Image 5: Herend, two cylindrical porcelain vases, Hungary, 20th century
Colasanti Casa d’Aste, Rome, Italy (April 2019)
Estimate: €400-€600
Realized Price: €350

Herend Figurines

Introduced in 1858, Herend porcelain figurines are a perennially popular collector’s item as they capture the beauty of of the brand’s craftsmanship while assuming more playful and diminutive forms.

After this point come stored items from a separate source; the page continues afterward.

(* For every projective fibration $g:A\to B$ in $\mathbf{Gpd}^{\mathbf{G}}$, the pullback functor $g^*:\mathbf{Gpd}^{\mathbf{G}}/B\to\mathbf{Gpd}^{\mathbf{G}}/A$ has a right adjoint $\Pi_g$, and $\Pi_g$ maps projective fibrations over $A$ to projective fibrations over $B$.
   Context: $\mathbf{Gpd}^{\mathbf{G}}$ is the category of (small) groupoids equipped with an involution and functors commuting with the involutions. A morphism of $\mathbf{Gpd}^{\mathbf{G}}$ is a projective fibration iff its underlying functor of groupoids is an isofibration (for every object $x$ of the domain and isomorphism $h:f(x)\to y$ in the codomain there is an isomorphism $\tilde h$ with domain $x$ and $f(\tilde h)=h$). *)

From Stdlib Require Import ProofIrrelevance.

Record Gpd : Type := MkGpd {
  Ob : Type; Ar : Type;
  src : Ar -> Ob; tgt : Ar -> Ob;
  idn : Ob -> Ar;
  cmp : forall g f : Ar, tgt f = src g -> Ar;
  inv : Ar -> Ar;
  src_idn : forall x, src (idn x) = x;
  tgt_idn : forall x, tgt (idn x) = x;
  src_cmp : forall g f (H : tgt f = src g), src (cmp g f H) = src f;
  tgt_cmp : forall g f (H : tgt f = src g), tgt (cmp g f H) = tgt g;
  cmp_idl : forall f (H : tgt f = src (idn (tgt f))), cmp (idn (tgt f)) f H = f;
  cmp_idr : forall f (H : tgt (idn (src f)) = src f), cmp f (idn (src f)) H = f;
  cmp_assoc : forall h g f (H1 : tgt f = src g) (H2 : tgt (cmp g f H1) = src h)
                (H3 : tgt g = src h) (H4 : tgt f = src (cmp h g H3)),
                cmp h (cmp g f H1) H2 = cmp (cmp h g H3) f H4;
  src_inv : forall f, src (inv f) = tgt f;
  tgt_inv : forall f, tgt (inv f) = src f;
  cmp_invl : forall f (H : tgt f = src (inv f)), cmp (inv f) f H = idn (src f);
  cmp_invr : forall f (H : tgt (inv f) = src f), cmp f (inv f) H = idn (tgt f)
}.
Arguments src {_} _. Arguments tgt {_} _. Arguments idn {_} _.
Arguments cmp {_} _ _ _. Arguments inv {_} _.

Lemma cmp_congr (G : Gpd) (g g' f f' : Ar G) (H : tgt f = src g) (H' : tgt f' = src g') :
  g = g' -> f = f' -> cmp g f H = cmp g' f' H'.
Proof. intros e1 e2; subst; f_equal; apply proof_irrelevance. Qed.

Record Fn (G1 G2 : Gpd) := MkFn {
  fo : Ob G1 -> Ob G2; fa : Ar G1 -> Ar G2;
  fn_src : forall f, src (fa f) = fo (src f);
  fn_tgt : forall f, tgt (fa f) = fo (tgt f);
  fn_idn : forall x, fa (idn x) = idn (fo x);
  fn_cmp : forall g f (H : tgt f = src g) (H' : tgt (fa f) = src (fa g)),
             fa (cmp g f H) = cmp (fa g) (fa f) H'
}.
Arguments MkFn {G1 G2} _ _ _ _ _ _.
Arguments fo {G1 G2} _ _. Arguments fa {G1 G2} _ _.
Arguments fn_src {G1 G2} _ _. Arguments fn_tgt {G1 G2} _ _.
Arguments fn_idn {G1 G2} _ _. Arguments fn_cmp {G1 G2} _ _ _ _ _.

Lemma inv_unique (G : Gpd) (u v : Ar G) (H : tgt v = src u) :
  cmp u v H = idn (tgt u) -> v = inv u.
Proof.
  intro E.
  assert (K0 : tgt (idn (src (inv u))) = src (inv u)) by (rewrite tgt_idn; reflexivity).
  rewrite <- (cmp_idr G (inv u) K0).
  assert (K1 : tgt (cmp u v H) = src (inv u))
    by (rewrite tgt_cmp, src_inv; reflexivity).
  rewrite (cmp_congr G (inv u) (inv u) (idn (src (inv u))) (cmp u v H) K0 K1 eq_refl)
    by (rewrite E, src_inv; reflexivity).
  assert (K3 : tgt u = src (inv u)) by (rewrite src_inv; reflexivity).
  assert (K4 : tgt v = src (cmp (inv u) u K3)) by (rewrite src_cmp; exact H).
  rewrite (cmp_assoc G (inv u) u v H K1 K3 K4).
  assert (K5 : tgt v = src (idn (tgt v))) by (rewrite src_idn; reflexivity).
  rewrite (cmp_congr G _ (idn (tgt v)) v v K4 K5); [ symmetry; apply cmp_idl | | reflexivity ].
  rewrite cmp_invl, H; reflexivity.
Qed.

Lemma fn_inv (G1 G2 : Gpd) (F : Fn G1 G2) (f : Ar G1) : fa F (inv f) = inv (fa F f).
Proof.
  assert (H : tgt (fa F (inv f)) = src (fa F f))
    by (rewrite fn_tgt, fn_src, tgt_inv; reflexivity).
  apply (inv_unique G2 _ _ H).
  assert (K : tgt (inv f) = src f) by apply tgt_inv.
  rewrite <- (fn_cmp F f (inv f) K H), cmp_invr, fn_idn, fn_tgt; reflexivity.
Qed.

(* Groupoids with a (strict) involution: the objects of Gpd^G. *)
Record GpdG := MkGpdG {
  ggpd :> Gpd;
  tau : Fn ggpd ggpd;
  tau_o : forall x, fo tau (fo tau x) = x;
  tau_a : forall f, fa tau (fa tau f) = f
}.

Record GMor (X Y : GpdG) := MkGMor {
  gfn :> Fn X Y;
  gm_o : forall x, fo gfn (fo (tau X) x) = fo (tau Y) (fo gfn x);
  gm_a : forall f, fa gfn (fa (tau X) f) = fa (tau Y) (fa gfn f)
}.
Arguments MkGMor {X Y} _ _ _.
Arguments gfn {X Y} _. Arguments gm_o {X Y} _ _. Arguments gm_a {X Y} _ _.

(* Projective fibrations: the underlying functor is an isofibration. *)
Definition proj_fib (X Y : GpdG) (p : GMor X Y) : Prop :=
  forall (x : Ob X) (h : Ar Y), src h = fo p x ->
    exists ht : Ar X, src ht = x /\ fa p ht = h.
Arguments proj_fib {X Y} _.

Record Over (B : GpdG) := MkOver { tot : GpdG; str : GMor tot B }.
Arguments MkOver {B} _ _. Arguments tot {B} _. Arguments str {B} _.

Record OMor (B : GpdG) (X Y : Over B) := MkOMor {
  om :> GMor (tot X) (tot Y);
  om_o : forall x, fo (str Y) (fo om x) = fo (str X) x;
  om_a : forall f, fa (str Y) (fa om f) = fa (str X) f
}.
Arguments MkOMor {B X Y} _ _ _.
Arguments om {B X Y} _. Arguments om_o {B X Y} _ _. Arguments om_a {B X Y} _ _.

Lemma sig_eq (T : Type) (P : T -> Prop) (z w : sig P) :
  proj1_sig z = proj1_sig w -> z = w.
Proof.
  destruct z as [z pz], w as [w pw]; simpl; intros ->.
  f_equal; apply proof_irrelevance.
Qed.

Section Pullback.
Variables (A B : GpdG) (g : GMor A B) (X : Over B).

Definition PO := {p : Ob A * Ob (tot X) | fo g (fst p) = fo (str X) (snd p)}.
Definition PA := {p : Ar A * Ar (tot X) | fa g (fst p) = fa (str X) (snd p)}.

Lemma pf_src (p : Ar A * Ar (tot X)) :
  fa g (fst p) = fa (str X) (snd p) -> fo g (src (fst p)) = fo (str X) (src (snd p)).
Proof. intro e; rewrite <- (fn_src g), <- (fn_src (str X)), e; reflexivity. Qed.
Lemma pf_tgt (p : Ar A * Ar (tot X)) :
  fa g (fst p) = fa (str X) (snd p) -> fo g (tgt (fst p)) = fo (str X) (tgt (snd p)).
Proof. intro e; rewrite <- (fn_tgt g), <- (fn_tgt (str X)), e; reflexivity. Qed.
Lemma pf_idn (p : Ob A * Ob (tot X)) :
  fo g (fst p) = fo (str X) (snd p) -> fa g (idn (fst p)) = fa (str X) (idn (snd p)).
Proof. intro e; rewrite (fn_idn g), (fn_idn (str X)), e; reflexivity. Qed.
Lemma pf_inv (p : Ar A * Ar (tot X)) :
  fa g (fst p) = fa (str X) (snd p) -> fa g (inv (fst p)) = fa (str X) (inv (snd p)).
Proof. intro e; rewrite (fn_inv _ _ g), (fn_inv _ _ (str X)), e; reflexivity. Qed.
Lemma pf_cmp (a2 a1 : Ar A) (e2 e1 : Ar (tot X))
  (E2 : fa g a2 = fa (str X) e2) (E1 : fa g a1 = fa (str X) e1)
  (HA : tgt a1 = src a2) (HX : tgt e1 = src e2) :
  fa g (cmp a2 a1 HA) = fa (str X) (cmp e2 e1 HX).
Proof.
  assert (H1 : tgt (fa g a1) = src (fa g a2))
    by (rewrite (fn_src g), (fn_tgt g), HA; reflexivity).
  assert (H2 : tgt (fa (str X) e1) = src (fa (str X) e2))
    by (rewrite (fn_src (str X)), (fn_tgt (str X)), HX; reflexivity).
  rewrite (fn_cmp g a2 a1 HA H1), (fn_cmp (str X) e2 e1 HX H2).
  apply cmp_congr; assumption.
Qed.

Definition Psrc (z : PA) : PO :=
  exist _ (src (fst (proj1_sig z)), src (snd (proj1_sig z))) (pf_src _ (proj2_sig z)).
Definition Ptgt (z : PA) : PO :=
  exist _ (tgt (fst (proj1_sig z)), tgt (snd (proj1_sig z))) (pf_tgt _ (proj2_sig z)).
Definition Pidn (z : PO) : PA :=
  exist _ (idn (fst (proj1_sig z)), idn (snd (proj1_sig z))) (pf_idn _ (proj2_sig z)).
Definition Pinv (z : PA) : PA :=
  exist _ (inv (fst (proj1_sig z)), inv (snd (proj1_sig z))) (pf_inv _ (proj2_sig z)).
Definition Pcmp (z2 z1 : PA) (H : Ptgt z1 = Psrc z2) : PA :=
  exist _ (cmp (fst (proj1_sig z2)) (fst (proj1_sig z1))
               (f_equal (fun w => fst (proj1_sig w)) H),
           cmp (snd (proj1_sig z2)) (snd (proj1_sig z1))
               (f_equal (fun w => snd (proj1_sig w)) H))
        (pf_cmp _ _ _ _ (proj2_sig z2) (proj2_sig z1) _ _).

Herend figurines comprise characters and animals alongside rich colors and patterns to make them marvelous compliments to large porcelain collections or striking showpieces on their own.

Six examples of Herend china figurines

Image 1: A Collection of Herend Porcelain Animal Figurines
Leslie Hindman Auctioneers, Chicago, IL (February 2011)
Estimate: $400-$600
Realized Price: $2,318

Image 2: Unusual Set of Herend Hand-Painted Figurines
Constantine & Pletcher, Cheswick, PA (April 2013)
Estimate: $50-$100
Realized Price: $1,700

Image 3: Herend Figurine, Large Pair of Rust Fishnet Ducks
Ahlers & Ogletree Inc., Atlanta, GA (February 2019)
Estimate: $500-$700
Realized Price: $650

Image 4: Herend Lion and Lioness Figurine
Leland Little Auctions, Hillsborough, NC (February 2019)
Estimate: $25-$25,000
Realized Price: $600

Image 5: Lot of 8 Herend hand-painted porcelain figurines
Clars Auction Gallery, Oakland, CA (April 2019)
Estimate: $400-$600
Realized Price: $550

From its early days as one of the key porcelain purveyors to Europe’s aristocratic circles, Herend porcelain reflects the legacy of exceptional craftsmanship and artistry that has helped secured its enduring status today as one of the most esteemed makers. Collectors who recognize this brilliance can achieve a collection of Herend china at a variety of price points, making it a brand both historically important and accessible among today’s market for antique and vintage porcelain.